▶ EXERCISE AIM:
Copying exactly, give the lines in the material below from the one with "typed B (DApp" to the one with "Hypothesis k_conv : k <> Syn.", ends included, and nothing besides.

▶ MATERIAL SHOWN:

Lemma Rel_LAppl t t' u : Rel k t t' -> Rel k (LApp t u) (LApp t' u).
Proof. apply (Rel_congr (fun t => LApp t u)); auto using lbeta, lbetaeta. Qed.

Lemma Rel_LAppr t u u' : Rel k u u' -> Rel k (LApp t u) (LApp t u').
Proof. apply Rel_congr; auto using lbeta, lbetaeta. Qed.

Lemma Rel_lbeta t t' : k <> Syn -> lbeta t t' -> Rel k t t'.
Proof.
  intros Hk H; destruct k; simpl; [congruence | |]; apply rst_step;
    auto using lbeta_lbetaeta.
Qed.

End Conversion.

Lemma ess_dlift A (d : dterm A) : forall k n, ess (dlift k n d) = llift k n (ess d).
Proof.
  induction d; intros; simpl; try congruence.
  destruct (Nat.ltb n k); reflexivity.
Qed.

Lemma ess_dsubst A (d : dterm A) : forall k u, ess (dsubst k u d) = lsubst k (ess u) (ess d).
Proof.
  induction d; intros; simpl; try congruence.
  destruct (Nat.eqb n k); [apply ess_dlift |].
  destruct (Nat.ltb k n); reflexivity.
Qed.

Section Typing.
Variables (A : Type) (om : option A) (le : ty A -> ty A -> Prop) (k : rel_kind).
Local Notation typed := (Defs.typed om le k).

Lemma typed_weaken G1 G2 G3 d t : typed (G1 ++ G2) d t ->
  typed (G1 ++ G3 ++ G2) (dlift (length G1) (length G3) d) t.
Proof.
  remember (G1 ++ G2) as B eqn:EB; intros Ht; revert G1 EB.
  induction Ht; intros G1 EB; subst; simpl; eauto using Defs.typed.
  - destruct (Nat.ltb_spec x (length G1)); apply t_ax.
    + rewrite nth_error_app1 in * by auto. auto.
    + rewrite nth_error_app2 in H by auto.
      rewrite !nth_error_app2 by lia. rewrite <- H. f_equal. lia.
  - apply t_arrI. apply (IHHt (s :: G1)); auto.
  - apply t_capI; auto. rewrite !ess_dlift. apply Rel_llift; auto.
Qed.

Lemma typed_dsubst G1 G2 s u b t : typed (G1 ++ s :: G2) b t -> typed G2 u s ->
  typed (G1 ++ G2) (dsubst (length G1) u b) t.
Proof.
  remember (G1 ++ s :: G2) as B eqn:EB; intros Ht Hu; revert G1 EB.
  induction Ht; intros G1 EB; subst; simpl; eauto using Defs.typed.
  - destruct (Nat.eqb_spec x (length G1)) as [->|Hne].
    + rewrite nth_error_app2, Nat.sub_diag in H by lia. injection H as <-.
      apply (typed_weaken nil G2 G1); auto.
    + destruct (Nat.ltb_spec (length G1) x); apply t_ax.
      * rewrite nth_error_app2 in * by lia. rewrite <- H.
        replace (x - length G1) with (S (pred x - length G1)) by lia. reflexivity.
      * rewrite nth_error_app1 in * by lia. auto.
  - apply t_arrI. apply (IHHt (s0 :: G1)); auto.
  - apply t_capI; auto. rewrite !ess_dsubst. apply Rel_lsubst; auto.
Qed.

Lemma typed_beta_redex B s b u t :
  typed B (DApp (DLam s b) u) t -> typed B (dsubst 0 u b) t.
Proof.
  intros Ht; inversion Ht as [| | |? s' ? ? ? Hlam Hu| | | |]; subst.
  inversion Hlam; subst.
  apply (typed_dsubst nil B s'); auto.
Qed.

Lemma typed_pr1_redex B d1 d2 t : typed B (DPr1 (DPair d1 d2)) t -> typed B d1 t.
Proof. intros Ht; inversion Ht as [| | | | |? ? ? ? Hp| |]; subst; now inversion Hp. Qed.

Lemma typed_pr2_redex B d1 d2 t : typed B (DPr2 (DPair d1 d2)) t -> typed B d2 t.
Proof. intros Ht; inversion Ht as [| | | | | |? ? ? ? Hp|]; subst; now inversion Hp. Qed.

Lemma typed_pstep B d d' t : typed B d t -> pstep d d' -> typed B d' t.
Proof.
  intros Ht P; revert B t Ht.
  induction P; intros B t0 Ht;
    eauto using typed_beta_redex, typed_pr1_redex, typed_pr2_redex;
    inversion Ht; subst; eauto using Defs.typed.
  apply t_capI; auto. rewrite H. apply Rel_refl.
Qed.

Hypothesis k_conv : k <> Syn.

Lemma dstep_ess_Rel B d d' t : typed B d t -> dstep d d' -> Rel k (ess d) (ess d').
Proof.
  intros Ht P; revert B t Ht.
  induction P; intros B t0 Ht; simpl.
  - rewrite ess_dsubst. apply Rel_lbeta; auto using lbeta.
  - apply Rel_refl.
  - inversion Ht as [| | | | | |? ? ? ? Hp|]; subst.
    inversion Hp; auto.
  - inversion Ht; subst. apply Rel_LLam; eauto.
  - inversion Ht; subst. apply Rel_LAppl; eauto.
  - inversion Ht; subst. apply Rel_LAppr; eauto.
  - inversion Ht; subst; eauto.
  - apply Rel_refl.
  - inversion Ht; subst; eauto.
  - inversion Ht; subst; eauto.
  - inversion Ht; subst; eauto.
Qed.

Lemma typed_dstep B d d' t : typed B d t -> dstep d d' -> typed B d' t.
Proof.
  intros Ht P; revert B t Ht.
  induction P; intros B t0 Ht;
    eauto using typed_beta_redex, typed_pr1_redex, typed_pr2_redex;
    inversion Ht; subst; eauto using Defs.typed.
  - apply t_capI; auto.
    apply Rel_trans with (ess d); auto.
    apply Rel_sym. eapply dstep_ess_Rel; eauto.
  - apply t_capI; auto.
    apply Rel_trans with (ess e); auto.
    eapply dstep_ess_Rel; eauto.
Qed.

End Typing.

Theorem mainTheorem10 (A : Type) (om : option A) (le : ty A -> ty A -> Prop)
  (HT : is_type_theory le) :
  (forall (B : list (ty A)) (d1 d2 : dterm A) (s : ty A),
      typed om le Syn B d1 s -> pstep d1 d2 -> typed om le Syn B d2 s) /\
  (forall k : rel_kind, k = Beta \/ k = BetaEta ->
    forall (B : list (ty A)) (d1 d2 : dterm A) (s : ty A),
      typed om le k B d1 s -> dstep d1 d2 -> typed om le k B d2 s).
Proof.
  split.
  - apply typed_pstep.
  - intros k Hk. apply typed_dstep. now destruct Hk as [-> | ->].
Qed.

▶ FINISHED TASK:
  typed B (DApp (DLam s b) u) t -> typed B (dsubst 0 u b) t.
Proof.
  intros Ht; inversion Ht as [| | |? s' ? ? ? Hlam Hu| | | |]; subst.
  inversion Hlam; subst.
  apply (typed_dsubst nil B s'); auto.
Qed.

Lemma typed_pr1_redex B d1 d2 t : typed B (DPr1 (DPair d1 d2)) t -> typed B d1 t.
Proof. intros Ht; inversion Ht as [| | | | |? ? ? ? Hp| |]; subst; now inversion Hp. Qed.

Lemma typed_pr2_redex B d1 d2 t : typed B (DPr2 (DPair d1 d2)) t -> typed B d2 t.
Proof. intros Ht; inversion Ht as [| | | | | |? ? ? ? Hp|]; subst; now inversion Hp. Qed.

Lemma typed_pstep B d d' t : typed B d t -> pstep d d' -> typed B d' t.
Proof.
  intros Ht P; revert B t Ht.
  induction P; intros B t0 Ht;
    eauto using typed_beta_redex, typed_pr1_redex, typed_pr2_redex;
    inversion Ht; subst; eauto using Defs.typed.
  apply t_capI; auto. rewrite H. apply Rel_refl.
Qed.

Hypothesis k_conv : k <> Syn.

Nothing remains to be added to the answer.